• What needs to be done
In the listing below, locate the line containing "nth [::] (leaves t) i.+1" and the line containing "Definition x1_rng := Node". Output both of them and every line between, exactly as written, and nothing more.

• Material provided
_____

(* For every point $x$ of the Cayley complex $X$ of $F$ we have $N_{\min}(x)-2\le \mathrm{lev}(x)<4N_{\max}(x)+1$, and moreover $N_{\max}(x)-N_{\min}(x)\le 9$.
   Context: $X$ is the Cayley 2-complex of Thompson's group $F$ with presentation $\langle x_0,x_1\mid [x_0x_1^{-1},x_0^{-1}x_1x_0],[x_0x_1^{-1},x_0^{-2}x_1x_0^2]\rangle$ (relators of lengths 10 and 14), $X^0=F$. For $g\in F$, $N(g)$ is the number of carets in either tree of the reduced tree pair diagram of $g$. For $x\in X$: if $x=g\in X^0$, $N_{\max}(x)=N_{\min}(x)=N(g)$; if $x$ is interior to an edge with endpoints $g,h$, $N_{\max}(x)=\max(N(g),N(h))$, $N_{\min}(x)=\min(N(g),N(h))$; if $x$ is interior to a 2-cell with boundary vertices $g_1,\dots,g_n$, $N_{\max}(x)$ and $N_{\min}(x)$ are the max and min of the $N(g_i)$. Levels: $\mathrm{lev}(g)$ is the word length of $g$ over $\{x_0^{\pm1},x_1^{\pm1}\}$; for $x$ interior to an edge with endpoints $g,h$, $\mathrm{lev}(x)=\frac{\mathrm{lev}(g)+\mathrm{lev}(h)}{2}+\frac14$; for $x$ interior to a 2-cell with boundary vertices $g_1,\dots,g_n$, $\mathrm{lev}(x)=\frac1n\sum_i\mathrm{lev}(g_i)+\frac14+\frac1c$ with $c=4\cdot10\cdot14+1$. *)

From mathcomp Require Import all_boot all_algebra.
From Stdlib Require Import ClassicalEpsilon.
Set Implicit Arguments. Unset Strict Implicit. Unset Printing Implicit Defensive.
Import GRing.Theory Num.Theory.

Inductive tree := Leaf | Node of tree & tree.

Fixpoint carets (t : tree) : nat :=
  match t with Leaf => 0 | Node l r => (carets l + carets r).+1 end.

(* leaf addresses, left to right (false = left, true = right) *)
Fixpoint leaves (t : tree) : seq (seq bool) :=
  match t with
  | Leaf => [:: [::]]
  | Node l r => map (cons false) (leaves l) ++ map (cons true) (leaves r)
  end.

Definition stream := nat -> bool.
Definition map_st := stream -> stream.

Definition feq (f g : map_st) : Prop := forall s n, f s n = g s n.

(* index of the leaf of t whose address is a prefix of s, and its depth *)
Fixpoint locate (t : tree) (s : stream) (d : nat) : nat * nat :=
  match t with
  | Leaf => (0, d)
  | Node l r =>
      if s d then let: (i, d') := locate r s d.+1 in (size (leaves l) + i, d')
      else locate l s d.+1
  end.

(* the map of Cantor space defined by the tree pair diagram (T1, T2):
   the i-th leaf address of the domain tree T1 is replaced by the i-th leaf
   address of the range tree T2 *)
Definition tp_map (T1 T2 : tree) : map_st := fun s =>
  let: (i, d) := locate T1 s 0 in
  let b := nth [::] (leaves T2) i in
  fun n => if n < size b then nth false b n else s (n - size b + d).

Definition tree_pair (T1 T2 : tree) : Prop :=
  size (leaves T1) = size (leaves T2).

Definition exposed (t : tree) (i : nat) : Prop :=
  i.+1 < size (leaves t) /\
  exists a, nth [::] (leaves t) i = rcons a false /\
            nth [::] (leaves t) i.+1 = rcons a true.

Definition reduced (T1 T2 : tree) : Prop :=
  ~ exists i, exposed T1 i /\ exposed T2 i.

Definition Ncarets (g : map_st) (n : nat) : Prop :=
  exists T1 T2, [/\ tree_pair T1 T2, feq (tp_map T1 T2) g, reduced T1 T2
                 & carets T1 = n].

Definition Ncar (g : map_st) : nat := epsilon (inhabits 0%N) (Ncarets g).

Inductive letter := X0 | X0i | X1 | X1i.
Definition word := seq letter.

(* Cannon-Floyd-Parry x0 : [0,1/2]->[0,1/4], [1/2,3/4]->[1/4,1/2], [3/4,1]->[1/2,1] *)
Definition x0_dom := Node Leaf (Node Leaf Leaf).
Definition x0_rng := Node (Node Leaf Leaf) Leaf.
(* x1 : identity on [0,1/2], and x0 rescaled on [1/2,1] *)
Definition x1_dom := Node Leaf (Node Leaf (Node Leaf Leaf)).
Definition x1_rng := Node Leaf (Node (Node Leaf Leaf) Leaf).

_____

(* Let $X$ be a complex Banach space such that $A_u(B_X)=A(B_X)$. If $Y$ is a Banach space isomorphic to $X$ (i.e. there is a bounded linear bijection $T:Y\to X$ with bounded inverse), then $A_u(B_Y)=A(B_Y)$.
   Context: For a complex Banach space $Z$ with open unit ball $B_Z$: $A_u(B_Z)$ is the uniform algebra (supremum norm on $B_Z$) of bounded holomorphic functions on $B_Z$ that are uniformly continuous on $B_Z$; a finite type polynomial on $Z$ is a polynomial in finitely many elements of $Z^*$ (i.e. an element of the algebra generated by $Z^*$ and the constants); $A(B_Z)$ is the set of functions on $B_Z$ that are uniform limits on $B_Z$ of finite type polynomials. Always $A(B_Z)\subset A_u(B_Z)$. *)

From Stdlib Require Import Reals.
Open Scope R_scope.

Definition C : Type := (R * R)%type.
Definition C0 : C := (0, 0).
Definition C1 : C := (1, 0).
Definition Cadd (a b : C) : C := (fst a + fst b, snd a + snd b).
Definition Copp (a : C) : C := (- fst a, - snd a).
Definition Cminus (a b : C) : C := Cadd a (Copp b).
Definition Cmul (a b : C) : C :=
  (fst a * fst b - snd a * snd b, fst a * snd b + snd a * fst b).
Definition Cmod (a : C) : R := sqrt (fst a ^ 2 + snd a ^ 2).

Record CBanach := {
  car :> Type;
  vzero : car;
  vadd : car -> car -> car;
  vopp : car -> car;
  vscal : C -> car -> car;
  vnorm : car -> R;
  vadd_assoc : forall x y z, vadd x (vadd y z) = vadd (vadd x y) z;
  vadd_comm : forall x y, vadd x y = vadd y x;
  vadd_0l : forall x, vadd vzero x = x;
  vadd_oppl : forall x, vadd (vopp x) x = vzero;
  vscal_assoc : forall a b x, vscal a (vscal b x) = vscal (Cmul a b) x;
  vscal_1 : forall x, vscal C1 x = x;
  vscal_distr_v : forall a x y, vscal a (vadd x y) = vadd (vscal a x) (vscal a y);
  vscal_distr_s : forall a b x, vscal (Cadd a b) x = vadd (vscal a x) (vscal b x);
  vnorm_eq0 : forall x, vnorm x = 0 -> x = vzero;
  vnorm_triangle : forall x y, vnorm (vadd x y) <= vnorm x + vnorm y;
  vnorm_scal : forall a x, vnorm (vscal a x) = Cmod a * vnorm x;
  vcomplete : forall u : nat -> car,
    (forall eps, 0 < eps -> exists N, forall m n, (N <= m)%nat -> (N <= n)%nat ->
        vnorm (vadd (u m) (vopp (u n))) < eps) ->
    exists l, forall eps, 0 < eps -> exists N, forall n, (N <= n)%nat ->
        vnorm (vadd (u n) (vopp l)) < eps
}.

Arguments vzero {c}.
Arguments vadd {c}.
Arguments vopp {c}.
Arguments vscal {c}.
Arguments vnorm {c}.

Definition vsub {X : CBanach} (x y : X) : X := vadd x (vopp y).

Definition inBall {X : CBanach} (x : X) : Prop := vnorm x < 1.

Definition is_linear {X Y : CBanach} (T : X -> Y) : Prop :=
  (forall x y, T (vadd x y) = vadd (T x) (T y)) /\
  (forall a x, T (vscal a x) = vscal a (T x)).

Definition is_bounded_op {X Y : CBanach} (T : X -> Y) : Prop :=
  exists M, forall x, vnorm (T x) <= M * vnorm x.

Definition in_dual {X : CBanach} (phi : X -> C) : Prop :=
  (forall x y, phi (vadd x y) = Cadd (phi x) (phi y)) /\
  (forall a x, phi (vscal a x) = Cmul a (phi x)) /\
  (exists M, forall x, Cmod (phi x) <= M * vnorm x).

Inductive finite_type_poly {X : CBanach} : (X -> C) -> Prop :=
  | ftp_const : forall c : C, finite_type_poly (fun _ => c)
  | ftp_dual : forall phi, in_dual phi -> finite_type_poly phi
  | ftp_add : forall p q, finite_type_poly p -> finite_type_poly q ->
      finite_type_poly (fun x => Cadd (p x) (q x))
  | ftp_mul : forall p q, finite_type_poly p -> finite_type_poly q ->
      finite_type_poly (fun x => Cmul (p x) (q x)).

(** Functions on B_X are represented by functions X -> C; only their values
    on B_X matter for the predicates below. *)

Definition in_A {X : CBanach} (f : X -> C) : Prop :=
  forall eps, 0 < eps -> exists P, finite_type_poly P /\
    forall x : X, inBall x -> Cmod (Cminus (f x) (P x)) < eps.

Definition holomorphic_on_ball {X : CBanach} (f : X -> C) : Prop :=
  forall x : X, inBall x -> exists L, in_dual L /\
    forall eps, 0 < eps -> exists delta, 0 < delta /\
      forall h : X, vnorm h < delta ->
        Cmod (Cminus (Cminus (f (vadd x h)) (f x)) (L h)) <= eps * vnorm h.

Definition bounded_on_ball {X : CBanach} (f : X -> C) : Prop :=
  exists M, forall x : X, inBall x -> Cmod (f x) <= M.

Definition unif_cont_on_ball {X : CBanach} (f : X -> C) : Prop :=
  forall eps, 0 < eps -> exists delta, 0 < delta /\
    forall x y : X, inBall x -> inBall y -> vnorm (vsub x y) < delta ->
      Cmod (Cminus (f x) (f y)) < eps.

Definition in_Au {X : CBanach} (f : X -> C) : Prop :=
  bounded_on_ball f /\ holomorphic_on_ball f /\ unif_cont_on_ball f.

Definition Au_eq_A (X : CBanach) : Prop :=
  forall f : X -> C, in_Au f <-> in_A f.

_____

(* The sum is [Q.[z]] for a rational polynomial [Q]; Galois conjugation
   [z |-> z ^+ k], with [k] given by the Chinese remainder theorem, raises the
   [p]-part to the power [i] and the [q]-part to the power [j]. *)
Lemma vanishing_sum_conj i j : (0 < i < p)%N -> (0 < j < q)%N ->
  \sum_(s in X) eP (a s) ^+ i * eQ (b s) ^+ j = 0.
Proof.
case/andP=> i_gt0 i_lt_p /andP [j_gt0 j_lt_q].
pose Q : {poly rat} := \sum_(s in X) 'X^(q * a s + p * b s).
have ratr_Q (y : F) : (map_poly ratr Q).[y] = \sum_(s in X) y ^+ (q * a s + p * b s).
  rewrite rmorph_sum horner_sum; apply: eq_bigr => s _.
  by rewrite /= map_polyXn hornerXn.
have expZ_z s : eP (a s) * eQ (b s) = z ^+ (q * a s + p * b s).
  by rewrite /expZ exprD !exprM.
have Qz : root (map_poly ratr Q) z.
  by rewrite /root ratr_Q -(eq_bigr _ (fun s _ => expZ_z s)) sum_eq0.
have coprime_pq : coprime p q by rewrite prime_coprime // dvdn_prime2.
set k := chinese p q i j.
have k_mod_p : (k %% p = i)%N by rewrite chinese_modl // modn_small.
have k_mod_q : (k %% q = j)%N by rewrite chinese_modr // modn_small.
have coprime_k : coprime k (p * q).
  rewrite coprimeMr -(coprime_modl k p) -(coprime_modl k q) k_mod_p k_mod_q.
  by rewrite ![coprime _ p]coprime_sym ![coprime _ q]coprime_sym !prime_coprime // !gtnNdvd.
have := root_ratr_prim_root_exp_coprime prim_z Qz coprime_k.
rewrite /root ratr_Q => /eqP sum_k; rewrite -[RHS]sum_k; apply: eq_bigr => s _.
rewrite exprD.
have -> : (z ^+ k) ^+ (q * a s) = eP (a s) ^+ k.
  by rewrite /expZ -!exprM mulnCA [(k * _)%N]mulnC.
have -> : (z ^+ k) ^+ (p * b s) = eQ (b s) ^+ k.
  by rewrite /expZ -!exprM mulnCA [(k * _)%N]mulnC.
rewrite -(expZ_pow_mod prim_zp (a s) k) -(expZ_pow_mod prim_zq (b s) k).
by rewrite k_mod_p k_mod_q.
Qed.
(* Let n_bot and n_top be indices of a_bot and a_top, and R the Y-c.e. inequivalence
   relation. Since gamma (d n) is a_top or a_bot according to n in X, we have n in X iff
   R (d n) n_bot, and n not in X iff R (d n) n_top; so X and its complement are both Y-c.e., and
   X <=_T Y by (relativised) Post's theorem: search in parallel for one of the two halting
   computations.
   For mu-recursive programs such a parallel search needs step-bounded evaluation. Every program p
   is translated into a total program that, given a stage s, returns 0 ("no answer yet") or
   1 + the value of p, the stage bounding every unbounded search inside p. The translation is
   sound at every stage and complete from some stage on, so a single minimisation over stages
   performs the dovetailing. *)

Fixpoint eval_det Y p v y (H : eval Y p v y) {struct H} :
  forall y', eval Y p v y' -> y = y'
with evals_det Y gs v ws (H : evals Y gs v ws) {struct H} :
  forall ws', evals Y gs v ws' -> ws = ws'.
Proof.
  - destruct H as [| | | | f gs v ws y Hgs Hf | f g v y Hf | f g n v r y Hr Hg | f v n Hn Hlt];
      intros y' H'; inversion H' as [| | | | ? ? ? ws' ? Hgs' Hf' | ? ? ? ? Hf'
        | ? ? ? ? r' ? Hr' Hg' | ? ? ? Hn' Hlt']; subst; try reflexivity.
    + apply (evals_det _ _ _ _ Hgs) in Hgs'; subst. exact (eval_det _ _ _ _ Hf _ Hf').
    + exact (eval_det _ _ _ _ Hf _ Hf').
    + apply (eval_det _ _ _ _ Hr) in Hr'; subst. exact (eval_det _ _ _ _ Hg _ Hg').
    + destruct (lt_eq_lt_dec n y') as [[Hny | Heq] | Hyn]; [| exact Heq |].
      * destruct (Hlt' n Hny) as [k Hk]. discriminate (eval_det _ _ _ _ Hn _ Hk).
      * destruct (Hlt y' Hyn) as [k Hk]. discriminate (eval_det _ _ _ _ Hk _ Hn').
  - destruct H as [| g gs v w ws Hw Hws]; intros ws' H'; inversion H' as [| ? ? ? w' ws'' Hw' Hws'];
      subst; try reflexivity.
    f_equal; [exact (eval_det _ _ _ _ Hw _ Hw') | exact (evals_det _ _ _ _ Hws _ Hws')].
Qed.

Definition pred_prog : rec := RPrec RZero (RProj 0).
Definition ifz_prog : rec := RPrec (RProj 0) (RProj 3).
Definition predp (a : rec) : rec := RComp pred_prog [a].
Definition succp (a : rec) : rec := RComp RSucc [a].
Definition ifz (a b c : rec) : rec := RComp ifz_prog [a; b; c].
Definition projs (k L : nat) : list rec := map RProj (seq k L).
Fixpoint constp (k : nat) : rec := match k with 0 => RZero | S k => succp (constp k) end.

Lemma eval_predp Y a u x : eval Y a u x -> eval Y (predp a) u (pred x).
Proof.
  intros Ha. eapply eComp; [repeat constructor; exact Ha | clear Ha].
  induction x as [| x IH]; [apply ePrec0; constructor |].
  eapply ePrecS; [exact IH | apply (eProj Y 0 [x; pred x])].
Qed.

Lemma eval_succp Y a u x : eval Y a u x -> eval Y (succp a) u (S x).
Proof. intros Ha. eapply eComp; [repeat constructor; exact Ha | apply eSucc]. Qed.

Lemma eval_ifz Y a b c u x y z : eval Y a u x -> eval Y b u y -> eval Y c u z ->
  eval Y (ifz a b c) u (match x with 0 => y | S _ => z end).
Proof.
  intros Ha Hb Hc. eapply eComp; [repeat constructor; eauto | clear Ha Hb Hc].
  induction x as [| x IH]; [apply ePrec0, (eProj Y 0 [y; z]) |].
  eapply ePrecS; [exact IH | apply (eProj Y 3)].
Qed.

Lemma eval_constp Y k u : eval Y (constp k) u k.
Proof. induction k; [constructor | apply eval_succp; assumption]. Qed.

_____

• Answer to the exercise
            nth [::] (leaves t) i.+1 = rcons a true.

Definition reduced (T1 T2 : tree) : Prop :=
  ~ exists i, exposed T1 i /\ exposed T2 i.

Definition Ncarets (g : map_st) (n : nat) : Prop :=
  exists T1 T2, [/\ tree_pair T1 T2, feq (tp_map T1 T2) g, reduced T1 T2
                 & carets T1 = n].

Definition Ncar (g : map_st) : nat := epsilon (inhabits 0%N) (Ncarets g).

Inductive letter := X0 | X0i | X1 | X1i.
Definition word := seq letter.

(* Cannon-Floyd-Parry x0 : [0,1/2]->[0,1/4], [1/2,3/4]->[1/4,1/2], [3/4,1]->[1/2,1] *)
Definition x0_dom := Node Leaf (Node Leaf Leaf).
Definition x0_rng := Node (Node Leaf Leaf) Leaf.
(* x1 : identity on [0,1/2], and x0 rescaled on [1/2,1] *)
Definition x1_dom := Node Leaf (Node Leaf (Node Leaf Leaf)).
Definition x1_rng := Node Leaf (Node (Node Leaf Leaf) Leaf).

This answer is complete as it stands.